The complete questionnaire can be accessed online on the DigitAF website (https://digitaf.eu/). Section 1 collected the general characteristics of the respondents. Section 2 consisted of four questions in which all respondents were asked about their current use of tools and data in farming systems. Section 3 consisting of six questions, looked at agroforestry knowledge and the use of digital tools in agroforestry systems. A detailed set of questions on agroforestry and digital models and tools was presented in Sect. 4 divided into policy-related (13 questions), technical, economic, and administrative issues (6 questions), and tree, crop, and animal interactions (21 questions).

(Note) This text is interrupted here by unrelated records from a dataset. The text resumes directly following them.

(* Let $n$ be a positive integer, $d\in\Delta(n)$, and write $d=(1,2,\dots,q,q^{(s_q)},(q-1)^{(s_{q-1})},\dots,1^{(s_1)})$ with $q\ge1$ and $s_1,\dots,s_q\ge0$ integers. Let $\overline{\alpha}=(\overline{\alpha}_1,\dots,\overline{\alpha}_q)$ with $\overline{\alpha}_i=q-i+1+\sum_{k=i}^q s_k$, and let $\underline{\alpha}=\overline{\alpha}^*$ be its conjugate partition. Then for every $\alpha\in[\,d\,]$ we have $\overline{\alpha}\succ\alpha\succ\underline{\alpha}$.
   Context: A partition of a positive integer $n$ is a finite non-increasing sequence $\alpha=(\alpha_1,\dots,\alpha_l)$ of positive integers with sum $n$; $\mathcal{P}(n)$ is the set of partitions of $n$, and $\alpha_i=0$ for $i>l$. The diagonal sequence is $\delta(\alpha)=(d_k)_{k\ge1}$, $d_k=|\{i:1\le i\le k,\ \alpha_i+i-1\ge k\}|$ (trailing zeros omitted). $\Delta(n)=\{\delta(\alpha):\alpha\in\mathcal{P}(n)\}$, $[\,d\,]=\{\alpha\in\mathcal{P}(n):\delta(\alpha)=d\}$. Every $d\in\Delta(n)$ has the stated form, where $j^{(s)}$ denotes $s$ consecutive entries equal to $j$. The conjugate $\alpha^*$ of $\alpha$ has parts $\alpha^*_j=|\{i:\alpha_i\ge j\}|$. For $\alpha=(\alpha_1,\dots,\alpha_s),\beta=(\beta_1,\dots,\beta_t)\in\mathcal{P}(n)$, $\alpha\succ\beta$ ($\alpha$ majorizes $\beta$) means $\sum_{i=1}^k\alpha_i\ge\sum_{i=1}^k\beta_i$ for all $1\le k\le\min\{s,t\}$. *)

From mathcomp Require Import all_boot.
Set Implicit Arguments. Unset Strict Implicit. Unset Printing Implicit Defensive.

(* Entries are 0-indexed in the seq: alpha_i (1-indexed) = nth 0 alpha (i-1),
   and alpha_i = 0 for i > size alpha, matching the paper's convention. *)
Definition is_partition (n : nat) (a : seq nat) : bool :=
  [&& sorted geq a, all (fun x => 0 < x) a & sumn a == n].

Definition diag_entry (a : seq nat) (k : nat) : nat :=
  count (fun i => k <= nth 0 a i.-1 + i.-1) (iota 1 k).

Definition strip0 (s : seq nat) : seq nat :=
  rev (drop (find (fun x => x != 0) (rev s)) (rev s)).

(* delta(alpha) with trailing zeros omitted; d_k = 0 for k > |alpha|. *)
Definition diag (a : seq nat) : seq nat :=
  strip0 [seq diag_entry a k | k <- iota 1 (sumn a)].

Definition in_Delta (n : nat) (d : seq nat) : Prop :=
  exists a, is_partition n a /\ diag a = d.

Definition dseq (q : nat) (s : nat -> nat) : seq nat :=
  iota 1 q ++ flatten [seq nseq (s j) j | j <- rev (iota 1 q)].

Definition alphabar (q : nat) (s : nat -> nat) : seq nat :=
  [seq q - i + 1 + \sum_(i <= k < q.+1) s k | i <- iota 1 q].

Definition conj_part (a : seq nat) : seq nat :=
  [seq count (fun x => j <= x) a | j <- iota 1 (foldr maxn 0 a)].

Definition majorizes (a b : seq nat) : Prop :=
  forall k, 1 <= k <= minn (size a) (size b) ->
    sumn (take k b) <= sumn (take k a).

From mathcomp Require Import all_boot zify.

(* Put cell (i, c) of the Young diagram of alpha (rows counted from 0) on the
   diagonal m = i + c.  Then d_(m+1) is the number of cells on diagonal m; the
   first k rows meet that diagonal in at most min(k, d_(m+1)) cells and, since
   they contain all of rows 0..m except m+1-k of them, in at least
   d_(m+1) - (m+1-k) cells.  Summing the upper bound over m gives
   sum_(i<k) #{m : d_m > i}, which for d = dseq q s are the first k parts of
   alphabar.  Summing the lower bound over m gives
   sum_(j<q) #{m < j+k : d_m > j}, and since d increases through 1..q and is
   non-increasing afterwards this is at least sum_(j<q) min(k, alphabar_j),
   which dominates the first k parts of the conjugate of alphabar. *)

Lemma sum_indicator_range i j N :
  \sum_(0 <= m < N) ((i <= m) && (m < j) : nat) = minn j N - i.
Proof.
elim: N => [|N IH]; first by rewrite big_geq //; lia.
rewrite big_nat_recr //= IH.
by case: (leqP i N) => Hi; case: (ltnP N j) => Hj /=; lia.
Qed.

Lemma sum_indicator_le lo hi (P : pred nat) :
  \sum_(lo <= i < hi) (P i : nat) <= hi - lo.
Proof.
rewrite -[X in _ <= X]muln1 -sum_nat_const_nat.
by apply: leq_sum => i _; apply: leq_b1.
Qed.

Lemma sumn_take_nth (a : seq nat) k :
  sumn (take k a) = \sum_(0 <= i < k) nth 0 a i.
Proof.
elim: a k => [|x a IH] k.
  by rewrite /= big1 // => i _; rewrite nth_nil.
case: k => [|k]; first by rewrite big_geq.
by rewrite big_nat_recl //= IH.
Qed.

Lemma sum_nth_pad (f : nat -> nat) (d : seq nat) N :
  f 0 = 0 -> size d <= N -> \sum_(0 <= m < N) f (nth 0 d m) = \sum_(x <- d) f x.
Proof.
move=> f0 dN; rewrite [RHS](big_nth 0) (big_cat_nat (leq0n _) dN) /=.
rewrite [X in _ + X]big1_seq ?addn0 // => m /andP[_].
by rewrite mem_index_iota => /andP[dm _]; rewrite nth_default.
Qed.

Lemma count_sumE T (P : pred T) (s : seq T) : count P s = \sum_(x <- s) (P x : nat).
Proof. by rewrite -sum1_count big_mkcond. Qed.

Lemma count_take_sumE (P : pred nat) (d : seq nat) N r :
  P 0 = false -> size d <= N ->
  count P (take r d) = \sum_(0 <= m < N) (P (nth 0 d m) && (m < r) : nat).
Proof.
move=> P0 dN; rewrite count_sumE -(sum_nth_pad _ _ N) ?P0 //; last first.
  by rewrite size_take_min geq_min dN orbT.
apply: eq_bigr => m _; case: (ltnP m r) => mr; first by rewrite nth_take ?andbT.
by rewrite andbF nth_default ?P0 // size_take_min geq_min mr.
Qed.

Lemma sum_count_gt (b : seq nat) k :
  \sum_(0 <= i < k) count (fun x => i < x) b = \sum_(x <- b) minn k x.
Proof.
under eq_bigr do rewrite count_sumE.
rewrite exchange_big /=; apply: eq_bigr => x _.
rewrite (eq_bigr (fun i => ((0 <= i) && (i < x) : nat))) // sum_indicator_range.
lia.
Qed.

Lemma nth_strip0 (s : seq nat) m : nth 0 (strip0 s) m = nth 0 s m.
Proof.
have [f def_s] : exists f, s = strip0 s ++ nseq f 0.
  rewrite /strip0; set r := rev s; set f := find _ r; exists f.
  have zeros : take f r = nseq f 0.
    apply: (@eq_from_nth _ 0) => [|i]; rewrite size_takel ?find_size ?size_nseq //.
    move=> i_lt_f; rewrite nth_take // nth_nseq i_lt_f.
    by apply/eqP/negbFE/(before_find 0 i_lt_f).
  by rewrite -rev_nseq -zeros -rev_cat cat_take_drop revK.
rewrite [in RHS]def_s nth_cat nth_nseq; case: ltnP => // m_ge.
by rewrite nth_default //; case: ifP.
Qed.

Lemma size_diag a : size (diag a) <= sumn a.
Proof.
by rewrite /diag /strip0 size_rev size_drop size_rev size_map size_iota leq_subr.
Qed.

Lemma nth_add_le_sumn (a : seq nat) i :
  all (fun x => 0 < x) a -> 0 < nth 0 a i -> nth 0 a i + i <= sumn a.
Proof.
elim: a i => [|x a IH] i; first by rewrite nth_nil.
case: i => [|i] /= /andP[x_gt0 a_pos] ai_gt0; first lia.
by have := IH i a_pos ai_gt0; lia.
Qed.

(* Cell (i, m - i) lies in the diagram iff m < a_i + i. *)
Definition diag_cells (a : seq nat) (k m : nat) : nat :=
  \sum_(0 <= i < k) ((i <= m) && (m < nth 0 a i + i) : nat).

Lemma diag_entryE a m : diag_entry a m.+1 = diag_cells a m.+1 m.
Proof.
rewrite /diag_entry /diag_cells -[1]/(1 + 0) iotaDl count_map count_sumE.
rewrite /index_iota subn0 big_seq_cond [RHS]big_seq_cond.
apply: eq_bigr => i /andP[]; rewrite mem_iota /= add0n ltnS => i_le_m _.
by rewrite i_le_m.
Qed.

Lemma diag_cells_bounds a k m :
  diag_cells a k m <= minn k (diag_cells a m.+1 m) /\
  diag_cells a m.+1 m - (m.+1 - k) <= diag_cells a k m.
Proof.
set P := fun i => (i <= m) && (m < nth 0 a i + i).
have cells_le_k : diag_cells a k m <= k by have := sum_indicator_le 0 k P; rewrite subn0.
case: (leqP k m.+1) => k_le.
  have cells_split :
      diag_cells a m.+1 m = diag_cells a k m + \sum_(k <= i < m.+1) (P i : nat).
    by rewrite /diag_cells (big_cat_nat (leq0n k) k_le).
  by have := sum_indicator_le k m.+1 P; lia.
have cells_sat : diag_cells a k m = diag_cells a m.+1 m.
  rewrite /diag_cells (big_cat_nat (leq0n m.+1) (ltnW k_le)) /=.
  rewrite [X in _ + X]big1_seq ?addn0 // => i /andP[_].
  by rewrite mem_index_iota => /andP[m_lt_i _]; rewrite /P leqNgt m_lt_i.
by rewrite cells_sat in cells_le_k *; lia.
Qed.

Section PositiveParts.

Variable a : seq nat.
Hypothesis a_pos : all (fun x => 0 < x) a.

Lemma nth_diag m : nth 0 (diag a) m = diag_cells a m.+1 m.
Proof.
rewrite /diag nth_strip0.
case: (ltnP m (sumn a)) => m_lt.
  by rewrite (nth_map 0) ?size_iota // nth_iota // add1n diag_entryE.
rewrite nth_default ?size_map ?size_iota // /diag_cells big1 // => i _.
have := @nth_add_le_sumn a i a_pos; case: posnP => [-> | _ /(_ isT)]; lia.
Qed.

Lemma sumn_take_diag_cells k :
  sumn (take k a) = \sum_(0 <= m < sumn a) diag_cells a k m.
Proof.
rewrite sumn_take_nth /diag_cells exchange_big_nat /=.
apply: eq_bigr => i _; rewrite sum_indicator_range.
have := @nth_add_le_sumn a i a_pos; case: posnP => [-> | _ /(_ isT)]; lia.
Qed.

Lemma sumn_take_le_diag k : sumn (take k a) <= \sum_(x <- diag a) minn k x.
Proof.
rewrite sumn_take_diag_cells -(sum_nth_pad _ _ _ _ (size_diag a)) ?minn0 //.
apply: leq_sum => m _; rewrite nth_diag.
by case: (diag_cells_bounds a k m).
Qed.

Lemma sum_count_take_diag_le q k :
  \sum_(0 <= j < q) count (fun x => j < x) (take (j + k) (diag a)) <= sumn (take k a).
Proof.
rewrite sumn_take_diag_cells.
under eq_bigr => j _ do rewrite (count_take_sumE _ _ _ _ (ltn0 j) (size_diag a)).
rewrite exchange_big_nat /=; apply: leq_sum => m _.
have window j : (j < nth 0 (diag a) m) && (m < j + k) =
                (m.+1 - k <= j) && (j < nth 0 (diag a) m).
  by rewrite andbC; congr andb; apply/idP/idP; lia.
under eq_bigr do rewrite window.
rewrite sum_indicator_range nth_diag.
by case: (diag_cells_bounds a k m); lia.
Qed.

End PositiveParts.

Lemma nth_conj_part_le (b : seq nat) i :
  nth 0 (conj_part b) i <= count (fun x => i < x) b.
Proof.
rewrite /conj_part; case: (ltnP i (foldr maxn 0 b)) => i_lt.
  by rewrite (nth_map 0) ?size_iota // nth_iota // add1n.
by rewrite nth_default ?size_map ?size_iota.
Qed.

Lemma sumn_take_conj_part_le (b : seq nat) k :
  sumn (take k (conj_part b)) <= \sum_(x <- b) minn k x.
Proof.
rewrite sumn_take_nth -sum_count_gt.
by apply: leq_sum => i _; apply: nth_conj_part_le.
Qed.

Lemma geq_trans : transitive geq.
Proof. by move=> y x z xy yz; apply: leq_trans yz xy. Qed.

Lemma count_gt_take_sorted j (t : seq nat) r :
  sorted geq t ->
  count (fun x => j < x) (take r t) = minn r (count (fun x => j < x) t).
Proof.
elim: t r => [|x t IH] r; first by rewrite /= minn0.
rewrite /= (path_sortedE geq_trans) => /andP[x_ge t_sorted].
case: r => [|r] /=; first by rewrite min0n.
case: (ltnP j x) => j_x; first by rewrite IH //; lia.
have t_small : count (fun y => j < y) t = 0.
  apply/eqP; rewrite -leqn0 leqNgt -has_count.
  by apply/hasPn => y /(allP x_ge) y_le; rewrite -leqNgt (leq_trans y_le).
rewrite t_small minn0; apply/eqP; rewrite -leqn0 -t_small.
by rewrite -{2}(cat_take_drop r t) count_cat leq_addr.
Qed.

Definition dseq_tail (q : nat) (s : nat -> nat) : seq nat :=
  flatten [seq nseq (s j) j | j <- rev (iota 1 q)].

Lemma dseqE q s : dseq q s = iota 1 q ++ dseq_tail q s.
Proof. by []. Qed.

Lemma dseq_tailS q s : dseq_tail q.+1 s = nseq (s q.+1) q.+1 ++ dseq_tail q s.
Proof. by rewrite /dseq_tail -[q.+1]addn1 iotaD rev_cat /= addnC. Qed.

Lemma sorted_dseq_tail q s : sorted geq (dseq_tail q s).
Proof.
elim: q => [|q IH] //; rewrite dseq_tailS.
have tail_le : all (geq q.+1) (dseq_tail q s).
  apply/allP => x /flatten_mapP[j]; rewrite mem_rev mem_iota => /andP[_ j_le].
  by move=> /nseqP[-> _]; apply: ltnW.
elim: (s q.+1) => [|m IHm] //=.
by rewrite (path_sortedE geq_trans) all_cat all_nseq /= leqnn orbT tail_le IHm.
Qed.

Lemma count_gt_dseq_tail q s j :
  count (fun x => j < x) (dseq_tail q s) = \sum_(j.+1 <= l < q.+1) s l.
Proof.
elim: q => [|q IH]; first by rewrite big_geq.
rewrite dseq_tailS count_cat count_nseq IH.
case: (ltnP j q.+1) => j_lt; first by rewrite (big_nat_recr _ _ _ j_lt) /= mul1n addnC.
by rewrite !big_geq //; lia.
Qed.

Lemma count_gt_iota j p : count (fun x => j < x) (iota 1 p) = p - j.
Proof.
elim: p => [|p IH] //.
rewrite -[p.+1]addn1 iotaD count_cat IH /= add1n.
by case: (ltnP j p.+1) => /= ?; lia.
Qed.

Lemma count_gt_dseq q s j :
  count (fun x => j < x) (dseq q s) = nth 0 (alphabar q s) j.
Proof.
rewrite dseqE count_cat count_gt_iota count_gt_dseq_tail /alphabar.
case: (ltnP j q) => j_lt.
  by rewrite (nth_map 0) ?size_iota // nth_iota // add1n; lia.
by rewrite nth_default ?size_map ?size_iota // big_geq //; lia.
Qed.

Lemma count_gt_take_dseq q s j k : j < q ->
  minn k (nth 0 (alphabar q s) j) <= count (fun x => j < x) (take (j + k) (dseq q s)).
Proof.
move=> j_lt; rewrite -count_gt_dseq dseqE take_cat size_iota count_cat count_gt_iota.
case: ltnP => jk_q; first by rewrite take_iota count_gt_iota; lia.
by rewrite count_cat count_gt_iota count_gt_take_sorted ?sorted_dseq_tail; lia.
Qed.

Theorem proposition3p1 (n q : nat) (s : nat -> nat) (a : seq nat) :
  0 < n -> 1 <= q ->
  in_Delta n (dseq q s) ->
  is_partition n a -> diag a = dseq q s ->
  majorizes (alphabar q s) a /\ majorizes a (conj_part (alphabar q s)).
Proof.
move=> _ _ _ /and3P[_ a_pos _] diag_a.
have size_alphabar : size (alphabar q s) = q by rewrite size_map size_iota.
split=> k _.
- apply: leq_trans (sumn_take_le_diag _ a_pos k) _.
  rewrite diag_a -sum_count_gt sumn_take_nth.
  by under eq_bigr do rewrite count_gt_dseq.
- apply: leq_trans (sumn_take_conj_part_le _ k) _.
  apply: leq_trans (sum_count_take_diag_le _ a_pos q k).
  rewrite (big_nth 0) size_alphabar diag_a big_nat_cond [X in _ <= X]big_nat_cond.
  by apply: leq_sum => j /andP[/andP[_ j_lt] _]; apply: count_gt_take_dseq.
Qed.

The structured questionnaire was designed to be self-administered online via Google Forms. The survey was initially designed in English and then translated by LL coordinators into the native languages used by the LLs with minor modifications, to adapt to the local context. This resulted in separate databases for each country and language used. The results were subsequently re-translated into English using language consistent with the initial version to allow for database merging and analysis. The survey was made specific to different actors as illustrated in Table 3, by using conditional logic in Google Forms. This resulted in variations in completion time depending on the stakeholder type. Due to the length of the survey, users also had the option to skip some sections by stating they were not interested in a specific topic. Before administering, the survey was pre-tested and shortened or modified when needed. The final survey had an estimated total time for completion of around 1–1.5 h. All LLs conducted initial briefings or meetings introducing the contents and methodologies for completing the survey between December 2022 and March 2023. The survey took place between March and June 2023. In total, 92 stakeholders completed the questionnaire, although the number answering individual questions varied by section depending on relevance and the willingness to respond. The final number of respondents per section is shown in Table 3.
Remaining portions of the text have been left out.